Physical anthropology began as a science of skulls. As the Italian practitioner Giuseppi Sergi put it in 1893, “The skull chiefly furnishes the characters of classification; it shows the external shape of the brain, the most important and the highest organ of man; the skull is the means of the classification of the brain.”[1]
Phrenology, on the other hand, is remembered as a pseudo-science of skulls, entirely distinct from a true science of skulls.
In the early 19th century, pioneer physical anthropologists like Samuel George Morton and James Cowles Prichard could find a space of legitimacy for phrenology as well. Both physical anthropology and phrenology appealed to the material basis of thought in the brain as validation for their claims. They shared the philosophical attraction of materialist monism—that is to say, that thoughts are the products of nothing but the brain, and there is no ultimate separation between mind and matter. This is hardly a controversial position today, but it aligned one with intellectual radicals in the mid-19th century.
Further, both appealed to the same cutting-edge science of comparative anatomy for validation as well, sometimes inappropriately. On the “pseudo-scientific” end, a phrenologist could casually misrepresent a dog skull as that of a monkey (Fig. 1), an error of almost unfathomable incompetence, given the subject matter. And on the other hand, mental materialist and Darwinian champion Thomas Huxley could invoke the intermediacy of the African brain in between the European and the ape, as an argument for evolutionary continuity,[2] an error of greater subtlety, but greater consequence, if science is to be taken as relevant to a conversation about human equality.
The phrenologist examined a skull to identify aspects of individual personality: amativeness, self-esteem, mirthfulness, etc. The physical anthropologist examined a skull to identify aspects of its ancestry. Both ambitions were mythological. Thus, Armand de Quatrefages (1872) could re-fight the Franco-Prussian War under the banner of science, and deny the essential Germanness of the Prussians: “In reality, from an anthropological point of view, Prussia is almost entirely a foreigner to Germany.”[3] There was certainly plenty of baloney in both phrenology and physical anthropology.
Phrenology was allied with physiognomy, reading the individual personality from the contours of the face; while physical anthropology allied itself more closely with ethnology, examining heads along with the other exotic materials from diverse peoples. There remained, nevertheless, an underlying motivation among prominent early 20th century physical anthropologists to try and link up, in some sort of deterministic fashion, what people looked like with how they thought.
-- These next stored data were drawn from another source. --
Lemma relax_contract z w : abs (z - 1) <= ip -> abs (w - 1) <= ip ->
  abs (relax z - relax w) <= ip * abs (z - w).
Proof.
move=> hz hw; set k := (p%:R : K)^-1 * lam.
have coef_k : relax_coef * k = 1.
  by rewrite /relax_coef /k mulrACA mulfV ?natpK_neq0 // mulVf ?lam_neq0 // mulr1.
set E := pert z - pert w + (z - w).
have -> : relax z - relax w = relax_coef *
      ((z ^+ p.+1 - w ^+ p.+1) + k * E + (Q z - Q w) - (z - w))
    + (1 - relax_coef * k) * (z - w).
  by rewrite /relax /Qstar !Plam_pert /E /k; ring.
rewrite coef_k subrr mul0r addr0 (absM Habs) abs_relax_coef.
rewrite ler_wpM2l ?(ltW invp_gt0) // abs_sub_le // abs_add_le //; last first.
  exact: ps_eval_lip (abs_le1_pnear1 hz) (abs_le1_pnear1 hw).
rewrite abs_add_le ?abs_subX_le ?(abs_le1_pnear1 hz) ?(abs_le1_pnear1 hw) //.
rewrite /k !(absM Habs) abs_invp (abs_eq1_near1 lam_near1) mulr1.
apply: le_trans (ler_wpM2l (ltW natp_gt0) (pert_sub_approx hz hw)) _.
by rewrite mulrA mulfV ?mul1r // gt_eqF // natp_gt0.
Qed.

Definition hrad := abs (Q 1) / p%:R.

Lemma hrad_ge0 : 0 <= hrad.
Proof. by rewrite mulr_ge0 ?(abs_ge0 Habs) ?(ltW invp_gt0). Qed.

Lemma hrad_le : hrad <= ip.
Proof. by rewrite ler_piMl ?(ltW invp_gt0) ?ps_eval_le1 ?abs1. Qed.

Lemma relax1 : abs (relax 1 - 1) = hrad.
Proof.
have -> : relax 1 - 1 = relax_coef * Q 1 by rewrite /relax /Qstar /Plam !expr1n; ring.
by rewrite (absM Habs) abs_relax_coef mulrC.
Qed.

Lemma relax_near1 z : abs (z - 1) <= hrad -> abs (relax z - 1) <= hrad.
Proof.
move=> hz; rewrite -(subrKA (relax 1)) abs_add_le ?relax1 //.
apply: le_trans (relax_contract (le_trans hz hrad_le) _) _.
  by rewrite subrr abs0 ltW // invp_gt0.
by apply: le_trans hz; rewrite ler_piMl ?(abs_ge0 Habs) ?(ltW invp_lt1).
Qed.

Definition relax_seq n := iter n relax 1.

Lemma relax_seq_near1 n : abs (relax_seq n - 1) <= hrad.
Proof.
elim: n => [|n IH]; first by rewrite /relax_seq /= subrr abs0 hrad_ge0.
exact: relax_near1.
Qed.

Lemma relax_seq_pnear1 n : abs (relax_seq n - 1) <= ip.
Proof. exact: le_trans (relax_seq_near1 n) hrad_le. Qed.

Lemma relax_seq_step n : abs (relax_seq n.+1 - relax_seq n) <= ip ^+ n * hrad.
Proof.
elim: n => [|n IH]; first by rewrite expr0 mul1r relax1.
have -> : relax_seq n.+2 - relax_seq n.+1 = relax (relax_seq n.+1) - relax (relax_seq n).
  by [].
apply: le_trans (relax_contract (relax_seq_pnear1 _) (relax_seq_pnear1 _)) _.
by rewrite exprS -mulrA ler_wpM2l ?(ltW invp_gt0).
Qed.

Lemma relax_seq_tail n k : abs (relax_seq (n + k) - relax_seq n) <= ip ^+ n * hrad.
Proof.
elim: k => [|k IH].
  by rewrite addn0 subrr abs0 mulr_ge0 ?hrad_ge0 ?exprn_ge0 ?(ltW invp_gt0).
rewrite addnS -(subrKA (relax_seq (n + k))) abs_add_le //.
apply: le_trans (relax_seq_step _) _; rewrite ler_wpM2r ?hrad_ge0 //.
by rewrite ler_wiXn2l ?(ltW invp_gt0) ?(ltW invp_lt1) ?leq_addr.
Qed.

Lemma relax_seq_cauchy : abs_cauchy abs relax_seq.
Proof.
move=> e e_gt0; have [N hN] := exists_invn_expr_lt (prime_gt1 pr_p) e_gt0.
have tail n m : (N <= n)%N -> (n <= m)%N -> abs (relax_seq m - relax_seq n) < e.
  move=> n_ge n_le; rewrite -(subnKC n_le); apply: le_lt_trans (relax_seq_tail _ _) _.
  apply: le_lt_trans (_ : _ <= ip ^+ n) _.
    by rewrite ler_piMr ?exprn_ge0 ?(ltW invp_gt0) // (le_trans hrad_le (ltW invp_lt1)).
  by apply: le_lt_trans hN; rewrite ler_wiXn2l ?(ltW invp_gt0) ?(ltW invp_lt1).
exists N => m n hm hn; have [n_le_m|m_lt_n] := leqP n m; first exact: tail.
by rewrite abs_distC tail // ltnW.
Qed.

Lemma relax_fixpoint : exists z, abs (z - 1) <= hrad /\ Qstar abs p a lam z = z.
Proof.
have [l l_lim] := abs_complete Habs relax_seq_cauchy.
have l_near1 : abs (l - 1) <= hrad.
  apply: (abs_cvg_le (u := fun n => relax_seq n - 1)) relax_seq_near1 => e e_gt0.
  have [N hN] := l_lim e e_gt0; exists N => n n_ge.
  have -> : relax_seq n - 1 - (l - 1) = relax_seq n - l by ring.
  exact: hN.
exists l; split => //.
have : abs (relax l - l) == 0.
  rewrite eq_le (abs_ge0 Habs) andbT; apply/ler_addgt0Pr => e e_gt0.
  rewrite add0r; have [N hN] := l_lim e e_gt0.
  rewrite -(subrKA (relax (relax_seq N))); apply: abs_add_le; last exact: ltW (hN N.+1 _).
  apply: le_trans (relax_contract (le_trans l_near1 hrad_le) (relax_seq_pnear1 N)) _.
  rewrite abs_distC; apply: le_trans (ltW (hN N (leqnn N))).
  by rewrite ler_piMl ?(abs_ge0 Habs) ?(ltW invp_lt1).
rewrite abs_eq0b /relax addrAC subrr add0r mulf_eq0 (negbTE relax_coef_neq0) /=.
by rewrite subr_eq0 => /eqP.
Qed.

Lemma hfixP : abs (hfix abs p a lam - 1) <= hrad /\
  Qstar abs p a lam (hfix abs p a lam) = hfix abs p a lam.
Proof. exact: (@xgetPex _ 0 [set z | _ /\ _]) relax_fixpoint. Qed.

End FixedPoint.

Local Notation h l := (hfix abs p a l).

Lemma hfix_near1 l : abs (l - 1) < 1 -> abs (h l - 1) <= ip.
Proof. by move=> hl; apply: le_trans (hfixP hl).1 hrad_le. Qed.

Lemma hfix_fixed l : abs (l - 1) < 1 -> Plam p l (h l) + Q (h l) = h l.
Proof. by move=> hl; have [_] := hfixP hl. Qed.

Lemma shift_pnear1 l x : abs (l - 1) < 1 -> abs (x - 1) <= ip ->
  abs (x + h l - 1 - 1) <= ip.
Proof.
move=> hl hx; have -> : x + h l - 1 - 1 = (x - 1) + (h l - 1) by ring.
by rewrite abs_add_le ?hfix_near1.
Qed.

Lemma hfix_dist_lt l0 l1 : abs (l0 - 1) < 1 -> abs (l1 - 1) < 1 -> l0 != l1 ->
  abs (h l0 - h l1) < abs (l0 - l1).
Proof.
move=> hl0 hl1 l0_neq_l1; rewrite ltNge; apply/negP => hle.
have hP := Plam_dist (hfix_near1 hl0) (hfix_near1 hl1) hl0 hl1 hle.
have P_le : abs (Plam p l0 (h l0) - Plam p l1 (h l1)) <= abs (h l0 - h l1).
  have -> : Plam p l0 (h l0) - Plam p l1 (h l1) = (h l0 - h l1) - (Q (h l0) - Q (h l1)).
    by rewrite -{2}(hfix_fixed hl0) -{2}(hfix_fixed hl1); ring.
  apply: abs_sub_le => //.
  by apply: ps_eval_lip; apply: abs_le1_pnear1; apply: hfix_near1.
have h_le0 : abs (h l0 - h l1) <= 0.
  have : (p%:R - 1) * abs (h l0 - h l1) <= 0 by rewrite mulrBl mul1r subr_le0 -hP.
  by rewrite pmulr_rle0 // subr_gt0 natp_gt1.
suff : 0 < 0 :> R by rewrite ltxx.
by apply: lt_le_trans (abs_gt0 _) (le_trans hle h_le0); rewrite subr_eq0.
Qed.

Lemma Qlam_near1 l x : abs (l - 1) < 1 -> abs (x - 1) <= ip ->
  abs (Qlam abs p a l x - 1) <= p%:R * abs (x - 1).
Proof.
move=> hl hx; set y := x + h l - 1.
have y_sub_h : y - h l = x - 1 by rewrite /y; ring.
have -> : Qlam abs p a l x - 1 = (Plam p l y - Plam p l (h l)) + (Q y - Q (h l)).
  by rewrite /Qlam /= -/y -[in X in X = _](hfix_fixed hl); ring.
apply: abs_add_le.
  rewrite (Plam_dist (shift_pnear1 hl hx) (hfix_near1 hl)) ?y_sub_h //.
  by rewrite subrr abs0 (abs_ge0 Habs).
apply: le_trans (ps_eval_lip (abs_le1_pnear1 (shift_pnear1 hl hx))
  (abs_le1_pnear1 (hfix_near1 hl))) _.
by rewrite y_sub_h ler_peMl ?(abs_ge0 Habs) ?(ltW natp_gt1).
Qed.

Lemma Qlam_dist l0 l1 x0 x1 : abs (l0 - 1) < 1 -> abs (l1 - 1) < 1 -> l0 != l1 ->
  abs (x0 - 1) <= ip -> abs (x1 - 1) <= ip -> abs (l0 - l1) <= abs (x0 - x1) ->
  abs (Qlam abs p a l0 x0 - Qlam abs p a l1 x1) = p%:R * abs (x0 - x1).
Proof.
move=> hl0 hl1 l0_neq_l1 hx0 hx1 hd.
set y0 := x0 + h l0 - 1; set y1 := x1 + h l1 - 1.
have h_lt := lt_le_trans (hfix_dist_lt hl0 hl1 l0_neq_l1) hd.
have d_lt : abs (x0 - x1) < p%:R * abs (x0 - x1).
  by rewrite ltr_pMl ?natp_gt1 // (le_lt_trans (abs_ge0 Habs _) h_lt).
have y_dist : abs (y0 - y1) = abs (x0 - x1).
  have -> : y0 - y1 = (x0 - x1) + (h l0 - h l1) by rewrite /y0 /y1; ring.
  exact: abs_add_dom.
have P_dist : abs (Plam p l0 y0 - Plam p l1 y1) = p%:R * abs (x0 - x1).
  rewrite -y_dist; apply: Plam_dist (shift_pnear1 hl0 hx0) (shift_pnear1 hl1 hx1) hl0 hl1 _.
  by rewrite y_dist.
have -> : Qlam abs p a l0 x0 - Qlam abs p a l1 x1 =
    (Plam p l0 y0 - Plam p l1 y1) + ((Q y0 - Q y1) - (h l0 - h l1)).
  by rewrite /Qlam /= -/y0 -/y1; ring.
rewrite abs_add_dom P_dist //; apply: abs_add_lt; last by rewrite absN (lt_trans h_lt).
apply: le_lt_trans d_lt; rewrite -y_dist.
by apply: ps_eval_lip; apply: abs_le1_pnear1; apply: shift_pnear1.
Qed.

Lemma iter_Qlam_near1 l x M k : abs (l - 1) < 1 -> abs (x - 1) <= ip ^+ M ->
  (k <= M)%N -> abs (iter k (Qlam abs p a l) x - 1) <= ip ^+ (M - k).
Proof.
move=> hl hx; elim: k => [|k IH] k_lt; first by rewrite subn0.
have M_sub : (M - k = (M - k.+1).+1)%N by rewrite subnSK.
have {}IH : abs (iter k (Qlam abs p a l) x - 1) <= ip ^+ (M - k) by exact: IH (ltnW k_lt).
rewrite iterS; apply: le_trans (Qlam_near1 hl (le_trans IH (invpX_le _))) _.
  by rewrite M_sub.
by rewrite -natp_mulVX -M_sub ler_wpM2l ?(ltW natp_gt0).
Qed.

Lemma iter_Qlam_dist l0 l1 x0 x1 M k :
  abs (l0 - 1) < 1 -> abs (l1 - 1) < 1 ->
  abs (x0 - 1) <= ip ^+ M -> abs (x1 - 1) <= ip ^+ M ->
  abs (l0 - l1) = abs (x0 - x1) -> (k <= M)%N ->
  abs (iter k (Qlam abs p a l0) x0 - iter k (Qlam abs p a l1) x1)
    = (p%:R : R) ^+ k * abs (l0 - l1).
Proof.
move=> hl0 hl1 hx0 hx1 hd.
have [l0_eq_l1|l0_neq_l1] := eqVneq l0 l1.
  move: hd; rewrite l0_eq_l1 subrr abs0 => /esym/eqP.
  rewrite abs_eq0b subr_eq0 => /eqP -> _.
  by rewrite !subrr abs0 mulr0.
elim: k => [|k IH] k_lt; first by rewrite mul1r hd.
have k_ip (l x : K) : abs (l - 1) < 1 -> abs (x - 1) <= ip ^+ M ->
    abs (iter k (Qlam abs p a l) x - 1) <= ip.
  move=> hl hx; apply: le_trans (iter_Qlam_near1 hl hx (ltnW k_lt)) _.
  by rewrite invpX_le // subn_gt0.
rewrite !iterS (Qlam_dist hl0 hl1 l0_neq_l1 (k_ip _ _ hl0 hx0) (k_ip _ _ hl1 hx1)).
  by rewrite IH ?(ltnW k_lt) // exprS mulrA.
rewrite IH ?(ltnW k_lt) // ler_peMl ?(abs_ge0 Habs) //.
exact: exprn_ege1 (ltW natp_gt1).
Qed.

End PowerSeries.

Lemma in_HB_coef_le1 rhat a : 1 < rhat -> in_HB abs rhat a ->
  ps_norm abs rhat a < rho R p -> forall i, abs (a i) <= 1.
Proof.
move=> rhat_gt1 a_HB a_norm i.
have a_ub : has_sup (range (fun i : nat => abs (a i) * rhat ^+ i)).
  split; first by exists (abs (a 0%N) * rhat ^+ 0); exists 0%N.
  exact: bounded_fun_has_ubound (cvg_seq_bounded (cvgP _ a_HB)).
apply: le_trans (_ : abs (a i) <= abs (a i) * rhat ^+ i) _.
  by rewrite ler_peMr ?(abs_ge0 Habs) // exprn_ege1 // ltW.
apply: le_trans (sup_upper_bound a_ub (ex_intro2 _ _ i I erefl)) _.
exact: ltW (lt_le_trans a_norm (rho_le1 _ (prime_gt1 pr_p))).
Qed.

Lemma in_HB_coef_cvg0 rhat a : 1 < rhat -> in_HB abs rhat a ->
  forall e, 0 < e -> exists N, forall n, (N <= n)%N -> abs (a n) < e.
Proof.
move=> rhat_gt1 a_HB e e_gt0; have [N _ hN] := cvgr_dist_lt _ _ a_HB e e_gt0.
exists N => n n_ge; have := hN n n_ge; rewrite /= sub0r normrN ger0_norm; last first.
  by rewrite mulr_ge0 ?(abs_ge0 Habs) // exprn_ge0 // ltW // (lt_trans ltr01).
by apply: le_lt_trans; rewrite ler_peMr ?(abs_ge0 Habs) // exprn_ege1 // ltW.
Qed.

End CpAbsoluteValue.

Unset Implicit Arguments.

Theorem lemma3p12 (R : realType) (K : closedFieldType) (p : nat) (abs : K -> R)
  (rhat : R) (a : nat -> K) (M : nat) (x0 x1 lam0 lam1 : K) :
  prime p -> Cp_abs p abs ->
  (exists c : K, c != 0 /\ abs c = rhat) -> 1 < rhat ->
  in_HB abs rhat a -> ps_norm abs rhat a < rho R p ->
  (1 <= M)%N ->
  abs (x0 - 1) <= (p%:R : R) ^- M -> abs (x1 - 1) <= (p%:R : R) ^- M ->
  abs (lam0 - 1) < 1 -> abs (lam1 - 1) < 1 ->
  abs (lam0 - lam1) = abs (x0 - x1) ->
  abs (iter M (Qlam abs p a lam0) x0 - iter M (Qlam abs p a lam1) x1)
    = (p%:R : R) ^+ M * abs (lam0 - lam1).
Proof.
move=> pr_p Habs _ rhat_gt1 a_HB a_norm _ hx0 hx1 hl0 hl1 hd.
have a_le1 := in_HB_coef_le1 pr_p Habs rhat_gt1 a_HB a_norm.
have a_cvg0 := in_HB_coef_cvg0 Habs rhat_gt1 a_HB.
by apply: (iter_Qlam_dist pr_p Habs a_le1 a_cvg0 hl0 hl1 _ _ hd (leqnn M));
  rewrite exprVn.
Qed.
This is, obviously, a core assumption of crude scientific racism, but was present in more subtle forms as well.
In particular, it was manifested after World War II in the Harvard physical anthropologist Earnest Hooton’s sponsorship and promotion of the somatological studies of psychologist William H. Sheldon. Sheldon tried for decades to document associations between body form and personality, under the aegis of Hooton.[4] Facing a furious backlash from his doctoral students, Hooton wrote despairingly to his former student Sherwood Washburn, who responded,
To put the matter bluntly, none of your pupils think that you are at all a fascist. But, anyone reading Sheldon’s last book, taking the last 100 pages for what they say, and then hearing that you believe in Sheldon’s system, might call you a fascist with some justification. What we need is the separation of the sane study of body-build from Sheldon’s system.[5]
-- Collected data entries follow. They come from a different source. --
(* Let $s$ be a positive integer and $P(z)=1+\sum_{n=1}^s a_nz^n$ with real coefficients $a_n$. Let $r>0$ and suppose $P^{(k)}(-r)\ge 0$ for all $k=0,1,\dots,s$. Then for every $1\le n\le s$, \[ 0\le a_n\le \frac{\binom{s}{n}}{r^n}. \] Moreover, if $a_n=\binom{s}{n}/r^n$ for at least one $n$ with $1\le n\le s$, then $P(z)=\left(1+\frac{z}{r}\right)^s$. *)

(* Real coefficients are modelled over an arbitrary
   realFieldType R (the statement is purely algebraic). *)
From HB Require Import structures.
From mathcomp Require Import all_boot all_order all_algebra.
Set Implicit Arguments. Unset Strict Implicit. Unset Printing Implicit Defensive.
Import Order.TTheory GRing.Theory Num.Theory.
Local Open Scope ring_scope.

Definition Ppoly (R : realFieldType) (s : nat) (a : nat -> R) : {poly R} :=
  1 + \sum_(1 <= n < s.+1) a n *: 'X^n.

From HB Require Import structures.
From mathcomp Require Import all_boot all_order all_algebra zify.
Import Order.TTheory GRing.Theory Num.Theory.
Local Open Scope ring_scope.

(* Expand P = Ppoly s a in its Taylor series at -r and write
   z + r = r (1 + z/r):
       P = \sum_(i <= s) w_i (1 + z/r)^i,   w_i = P^(i)(-r) r^i / i!.
   The hypothesis makes every weight w_i nonnegative, and comparing constant
   coefficients gives \sum_i w_i = 1.  Comparing the coefficients of z^n gives
       a_n = \sum_i w_i * C(i, n) / r^n,
   a convex combination of the numbers C(i, n) / r^n, each at most
   C(s, n) / r^n and strictly smaller when i < s (and n >= 1).  Hence
   0 <= a_n <= C(s, n) / r^n, and equality forces all the weight onto i = s,
   i.e. P = (1 + z/r)^s. *)

Lemma taylor_expansion {R : comNzRingType} (p : {poly R}) {n : nat} (x : R) :
  (size p <= n)%N -> p = \sum_(i < n) (p^`N(i)).[x] *: ('X - x%:P) ^+ i.
Proof.
move=> size_p.
have evalX (q : {poly R}) : (q^:P).['X] = q.
  rewrite horner_coef size_map_polyC -[RHS]coefK poly_def.
  by apply: eq_bigr => i _; rewrite coef_map /= mul_polyC.
have := @nderiv_taylor_wide _ n (p^:P) x%:P ('X - x%:P) (mulrC _ _).
rewrite size_map_polyC addrC subrK evalX => /(_ size_p) {1}->.
by apply: eq_bigr => i _; rewrite nderivn_map horner_map /= mul_polyC.
Qed.

Lemma taylor_expansion_scaled {R : fieldType} {p : {poly R}} {n : nat} {r : R} :
  r != 0 -> (size p <= n)%N ->
  p = \sum_(i < n) ((p^`N(i)).[- r] * r ^+ i) *: (1 + r^-1 *: 'X) ^+ i.
Proof.
move=> r_neq0 size_p.
have shift : 'X - (- r)%:P = r *: (1 + r^-1 *: 'X).
  by rewrite polyCN opprK scalerDr scalerA mulfV // scale1r addrC alg_polyC.
rewrite {1}(taylor_expansion p (- r) size_p); apply: eq_bigr => i _.
by rewrite shift exprZn scalerA.
Qed.

Lemma coef_1_plus_scaleX (R : comNzRingType) (t : R) (m n : nat) :
  ((1 + t *: 'X) ^+ m)`_n = t ^+ n *+ 'C(m, n).
Proof.
rewrite addrC exprD1n coef_sum.
rewrite (eq_bigr (fun i : 'I_m.+1 => if (i : nat) == n then t ^+ n *+ 'C(m, n)
                                     else 0)); last first.
  move=> i _; rewrite coefMn exprZn coefZ coefXn eq_sym.
  by case: eqP => [->|_]; rewrite ?mulr1 ?mulr0 ?mul0rn.
rewrite -big_mkcond /= -(big_mkord (fun i => i == n) (fun _ => t ^+ n *+ 'C(m, n))).
rewrite big_nat1_eq /= ltnS; case: leqP => // lt_m_n.
by rewrite bin_small // mulr0n.
Qed.

Lemma coef_taylor_scaled {R : fieldType} {p : {poly R}} {n : nat} (k : nat) {r : R} :
  r != 0 -> (size p <= n)%N ->
  p`_k = \sum_(i < n) ((p^`N(i)).[- r] * r ^+ i) * ('C(i, k)%:R / r ^+ k).
Proof.
move=> r_neq0 size_p; rewrite {1}(taylor_expansion_scaled r_neq0 size_p).
rewrite coef_sum; apply: eq_bigr => i _.
by rewrite coefZ coef_1_plus_scaleX exprVn -mulr_natl [_%:R * _]mulrC.
Qed.

Lemma convex_comb_le {R : numDomainType} {I : finType} {w f : I -> R} {M : R} :
  (forall i, 0 <= w i) -> \sum_i w i = 1 -> (forall i, f i <= M) ->
  \sum_i w i * f i <= M.
Proof.
move=> w_ge0 w_sum f_le; rewrite -[M]mul1r -w_sum big_distrl /=.
by apply: ler_sum => i _; rewrite ler_wpM2l.
Qed.

Lemma convex_comb_eq {R : numDomainType} {I : finType} {w f : I -> R} {M : R} :
  (forall i, 0 <= w i) -> \sum_i w i = 1 -> (forall i, f i <= M) ->
  \sum_i w i * f i = M -> forall i, f i < M -> w i = 0.
Proof.
move=> w_ge0 w_sum f_le comb_eq i f_lt.
have gap_ge0 j : xpredT j -> 0 <= w j * (M - f j).
  by move=> _; rewrite mulr_ge0 // subr_ge0.
have gap_sum : \sum_j w j * (M - f j) = 0.
  rewrite (eq_bigr (fun j => w j * M - w j * f j)); last by move=> j _; rewrite mulrBr.
  by rewrite sumrB -big_distrl /= w_sum mul1r comb_eq subrr.
move/eqP: (psumr_eq0P gap_ge0 gap_sum (i := i) isT); rewrite mulf_eq0 subr_eq0.
by rewrite (gt_eqF f_lt) orbF => /eqP.
Qed.

(* Strict monotonicity of C(_, n) for n >= 1: by Pascal's rule
   C(s, n) = C(s-1, n) + C(s-1, n-1), where C(s-1, n) >= C(i, n) and the
   last term is positive as n <= s. *)
Lemma ltn_bin2l (i s n : nat) : (i < s)%N -> (0 < n)%N -> (n <= s)%N ->
  ('C(i, n) < 'C(s, n))%N.
Proof.
case: s => [|s] // lt_i_s; case: n => [|n] // _ le_n_s.
rewrite binS; have := @leq_bin2l i s n.+1; have := bin_gt0 s n; lia.
Qed.

Lemma ler_scaled_bin {R : realFieldType} {r : R} {i s : nat} (n : nat) :
  0 < r -> (i <= s)%N -> 'C(i, n)%:R / r ^+ n <= 'C(s, n)%:R / r ^+ n.
Proof.
by move=> r_gt0 le_i_s; rewrite ler_pM2r ?invr_gt0 ?exprn_gt0 // ler_nat leq_bin2l.
Qed.

Lemma ltr_scaled_bin {R : realFieldType} {r : R} {i s n : nat} :
  0 < r -> (i < s)%N -> (1 <= n <= s)%N ->
  'C(i, n)%:R / r ^+ n < 'C(s, n)%:R / r ^+ n.
Proof.
move=> r_gt0 lt_i_s /andP[n_gt0 le_n_s].
by rewrite ltr_pM2r ?invr_gt0 ?exprn_gt0 // ltr_nat ltn_bin2l.
Qed.

Lemma taylor_weight_ge0 {R : numDomainType} {p : {poly R}} {x r : R} {k : nat} :
  0 < r -> 0 <= (p^`(k)).[x] -> 0 <= (p^`N(k)).[x] * r ^+ k.
Proof.
move=> r_gt0; rewrite nderivn_def hornerMn pmulrn_lge0 ?fact_gt0 // => coef_ge0.
by rewrite mulr_ge0 // exprn_ge0 // ltW.
Qed.

Lemma sum_weights_top {R : nzRingType} {V : lmodType R} {n : nat}
    {w : 'I_n.+1 -> R} (v : 'I_n.+1 -> V) :
  \sum_i w i = 1 -> (forall i : 'I_n, w (widen_ord (leqnSn n) i) = 0) ->
  \sum_i w i *: v i = v ord_max.
Proof.
move=> w_sum w_low.
have w_top : w ord_max = 1.
  by rewrite -w_sum big_ord_recr big1 /= ?add0r // => i _; apply: w_low.
rewrite big_ord_recr big1 /= ?add0r ?w_top ?scale1r // => i _.
by rewrite w_low scale0r.
Qed.

Lemma coef_Ppoly {R : realFieldType} (s : nat) (a : nat -> R) (k : nat) :
  (Ppoly s a)`_k = if k == 0%N then 1 else if (k < s.+1)%N then a k else 0.
Proof.
rewrite /Ppoly coefD coef1 coef_sum.
rewrite (eq_bigr (fun j => if j == k then a j else 0)); last first.
  by move=> j _; rewrite coefZ coefXn eq_sym; case: eqP; rewrite ?mulr1 ?mulr0.
rewrite -big_mkcond big_nat1_eq /=.
by case: k => [|k] /=; rewrite ?addr0 ?add0r.
Qed.

Lemma size_Ppoly {R : realFieldType} (s : nat) (a : nat -> R) :
  (size (Ppoly s a) <= s.+1)%N.
Proof.
apply/leq_sizeP => j le_s_j; rewrite coef_Ppoly.
by case: j le_s_j => // j le_s_j; rewrite ltnNge le_s_j.
Qed.

Theorem mainTheorem5 (R : realFieldType) (s : nat) (a : nat -> R) (r : R) :
  (0 < s)%N -> 0 < r ->
  (forall k : nat, (k <= s)%N -> 0 <= ((Ppoly s a)^`(k)).[- r]) ->
  (forall n : nat, (1 <= n <= s)%N ->
      0 <= a n /\ a n <= ('C(s, n))%:R / r ^+ n) /\
  ((exists n : nat, (1 <= n <= s)%N /\ a n = ('C(s, n))%:R / r ^+ n) ->
      Ppoly s a = (1 + r^-1 *: 'X) ^+ s).
Proof.
move=> _ r_gt0 deriv_ge0; have r_neq0 : r != 0 by rewrite gt_eqF.
pose w (i : 'I_s.+1) := ((Ppoly s a)^`N(i)).[- r] * r ^+ i.
pose f n (i : 'I_s.+1) : R := 'C(i, n)%:R / r ^+ n.
have w_ge0 i : 0 <= w i := taylor_weight_ge0 r_gt0 (deriv_ge0 i (ltn_ord i)).
have coefP k : (Ppoly s a)`_k = \sum_i w i * f k i.
  by rewrite (coef_taylor_scaled k r_neq0 (size_Ppoly s a)).
have w_sum : \sum_i w i = 1.
  have := coefP 0%N; rewrite coef_Ppoly /= => ->.
  by apply: eq_bigr => i _; rewrite /f bin0 expr0 divr1 mulr1.
have a_comb n : (1 <= n <= s)%N -> a n = \sum_i w i * f n i.
  by case/andP=> n_gt0 le_n_s; rewrite -coefP coef_Ppoly (gtn_eqF n_gt0) ltnS le_n_s.
have f_le n i : f n i <= 'C(s, n)%:R / r ^+ n.
  by apply: ler_scaled_bin r_gt0 _; rewrite -ltnS.
split=> [n n_range|[n [n_range a_eq]]].
  rewrite a_comb //; split; last exact: convex_comb_le.
  by apply: sumr_ge0 => i _; rewrite /f mulr_ge0 // divr_ge0 // exprn_ge0 // ltW.
have w_low (i : 'I_s) : w (widen_ord (leqnSn s) i) = 0.
  apply: (convex_comb_eq w_ge0 w_sum (f_le n)); first by rewrite -a_comb.
  exact: ltr_scaled_bin r_gt0 (ltn_ord i) n_range.
rewrite {1}(taylor_expansion_scaled r_neq0 (size_Ppoly s a)).
exact: (sum_weights_top (fun i : 'I_s.+1 => (1 + r^-1 *: 'X) ^+ i) w_sum w_low).
Qed.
What the early physical anthropologists had expected to find through their researches was more or less racial phrenology. Aleš Hrdlička, who was dismissive of phrenology,[6] nevertheless leapt at the opportunity to study and publish on “An Eskimo Brain”—in particular, that of Qisuk, one of the “New York Eskimos” brought to civilization from Greenland. That Hrdlička never followed the publication with “An Eskimo Esophagus” or “An Eskimo Liver” suggests that he held brains in special regard. And he concluded, perhaps in the voice of Boris Karloff: “The marked differences of the specimens described by Chudzinski and in this paper from those of the whites, as well as among themselves, makes a future acquisition of Eskimo brains very desirable.”[7]
The Civil War had pretty much killed off physical anthropology in America, given that the science seemed to be aligned with the losing side. It would only be reinvented at the end of the 19th century, as Native Americans, no longer a threat to American expansion, became scientific objects. American museums recruited Franz Boas and Aleš Hrdlička (both trained in Europe) specifically for their expertise in the bodies of Native Americans. This physical anthropology was disconnected from phrenology, however. Boas would focus his physical anthropology on the non-genetic influences on human form. Hrdlička (and later, Earnest Hooton) worked toward a more descriptive role for human skulls, while never quite untethering physical anthropology from its core assumptions as a science of racial phrenology.[8]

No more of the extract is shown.